That structure can feel uncomfortable if you’re used to building to your conclusion. It feels like you’re leading with the answer before you’ve shown your work. But at board level, the work is assumed. What they want is the judgment.

The executive presence work of cultivating how you’re perceived in senior rooms — which I covered in Episode 236 — is closely related to this. Presence in a board context is not about how you look or how you hold yourself. It’s about whether the people in the room feel that you’re bringing them something genuinely useful, and whether they trust that your judgment is worth having.

There’s a second communication shift worth naming, which is what happens when you’re challenged. The trusted advisor doesn’t crumble under pushback. She also doesn’t become rigid or defensive. She does something much more specific: she separates the challenge into two categories. Is this new information that should make me update my view? Or is this a different perspective that I’ve already considered and weighed? If the first, she updates. If the second, she holds her position — clearly and without apology. That capacity to be challenged without being destabilized is one of the clearest markers of board-level credibility.

And specifically for women in tech: the C-level leadership dynamics that I covered with Adelina Peltea in Episode 291 are worth revisiting in this context. The double standard of how women’s confidence and certainty is perceived in senior rooms is real. Knowing how to navigate that — being unequivocally clear without triggering the reactions that get women labeled as too aggressive — is a skill and it’s learnable.

How to Become an Industry Leader: Building the Relationships That Create Board-Level Credibility

Let’s talk about the relationships. Because thought leadership and credibility don’t exist in a vacuum — they exist in the context of specific people who have decided that your perspective is worth having. And those people don’t find you by accident.
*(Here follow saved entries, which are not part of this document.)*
(* Let $\Gamma\subseteq\mathit{Aff}(2,\mathbb{H})$ be a subgroup acting freely on $\mathbb{H}^2$. Then $\Gamma$ is conjugate in $\mathit{Aff}(2,\mathbb{H})$ to a subgroup of $G_2$.
   Context: $\mathit{Aff}(2,\mathbb{H})$ is identified with invertible $3\times3$ quaternionic matrices $\begin{pmatrix} a&b&r\\ c&d&s\\ 0&0&1\end{pmatrix}$ acting on $(x,y)\in\mathbb{H}^2$ by $(x,y)\mapsto(ax+by+r,cx+dy+s)$. $G_2=\left\{\begin{pmatrix} 1&b&r\\ 0&d&s\\ 0&0&1\end{pmatrix}: b,r,s,d\in\mathbb{H}, d\neq0\right\}$. *)

From HB Require Import structures.
From mathcomp Require Import all_boot all_order all_algebra.
From mathcomp Require Import reals.
Set Implicit Arguments. Unset Strict Implicit. Unset Printing Implicit Defensive.
Import Order.TTheory GRing.Theory Num.Theory.
Local Open Scope ring_scope.

Section Quaternions.
Variable R : realType.

Record quat := Quat { qr : R; qi : R; qj : R; qk : R }.

Definition q0 : quat := Quat 0 0 0 0.
Definition q1 : quat := Quat 1 0 0 0.

Definition qadd (p q : quat) : quat :=
  Quat (qr p + qr q) (qi p + qi q) (qj p + qj q) (qk p + qk q).

(** Hamilton product (i^2 = j^2 = k^2 = ijk = -1). *)
Definition qmul (p q : quat) : quat :=
  Quat (qr p * qr q - qi p * qi q - qj p * qj q - qk p * qk q)
       (qr p * qi q + qi p * qr q + qj p * qk q - qk p * qj q)
       (qr p * qj q - qi p * qk q + qj p * qr q + qk p * qi q)
       (qr p * qk q + qi p * qj q - qj p * qi q + qk p * qr q).

(** An element of Aff(2,H) written as the quaternionic matrix
    [[a, b, r], [c, d, s], [0, 0, 1]]. *)
Record aff := Aff { aa : quat; ab : quat; ac : quat; ad : quat;
                    ar : quat; as' : quat }.

Definition act (g : aff) (p : quat * quat) : quat * quat :=
  (qadd (qadd (qmul (aa g) p.1) (qmul (ab g) p.2)) (ar g),
   qadd (qadd (qmul (ac g) p.1) (qmul (ad g) p.2)) (as' g)).

(** Matrix product g * h (corresponds to act g \o act h). *)
Definition acomp (g h : aff) : aff :=
  Aff (qadd (qmul (aa g) (aa h)) (qmul (ab g) (ac h)))
      (qadd (qmul (aa g) (ab h)) (qmul (ab g) (ad h)))
      (qadd (qmul (ac g) (aa h)) (qmul (ad g) (ac h)))
      (qadd (qmul (ac g) (ab h)) (qmul (ad g) (ad h)))
      (qadd (qadd (qmul (aa g) (ar h)) (qmul (ab g) (as' h))) (ar g))
      (qadd (qadd (qmul (ac g) (ar h)) (qmul (ad g) (as' h))) (as' g)).

Definition aid : aff := Aff q1 q0 q0 q1 q0 q0.

Definition in_Aff (g : aff) : Prop :=
  exists h, acomp g h = aid /\ acomp h g = aid.

Definition is_Aff_subgroup (Gamma : aff -> Prop) : Prop :=
  [/\ forall g, Gamma g -> in_Aff g,
      Gamma aid,
      forall g h, Gamma g -> Gamma h -> Gamma (acomp g h) &
      forall g, Gamma g ->
        exists h, [/\ Gamma h, acomp g h = aid & acomp h g = aid]].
The path to board advisory influence — whether that’s within your current organization, in a non-executive director role, or in a fractional capacity — runs through a set of deliberate relationship investments. Not networking in the transactional sense. Relationship building in the genuine sense: becoming known by the right people for the right things, over time.

Invest in relationships before you need them

The most common mistake people make with board-level relationship building is starting too late. They begin thinking about these relationships when they’re ready for the C-suite or the NED role — at which point they’re trying to build trust in a compressed timeframe with people who don’t yet know them. That is a very hard thing to do.

The woman who has been building genuine, useful relationships with board members, investors, and senior advisors for five years before she needs them is in a completely different position. She’s not an unknown quantity. She’s someone who has been consistently useful, consistently reliable, and consistently interesting to talk to. When an opportunity comes up, she’s not a candidate — she’s the obvious person.

Be useful before you make an ask

The best way to build a relationship with a senior person is to be genuinely useful to them — not to impress them, not to ask them for something, but to offer something they actually value. That might be a piece of insight about a space they’re watching. An introduction that’s genuinely relevant to something they’re working on. A perspective on a challenge they’ve mentioned. The specificity of the contribution matters. Generic helpfulness is invisible. Targeted, well-timed usefulness is memorable.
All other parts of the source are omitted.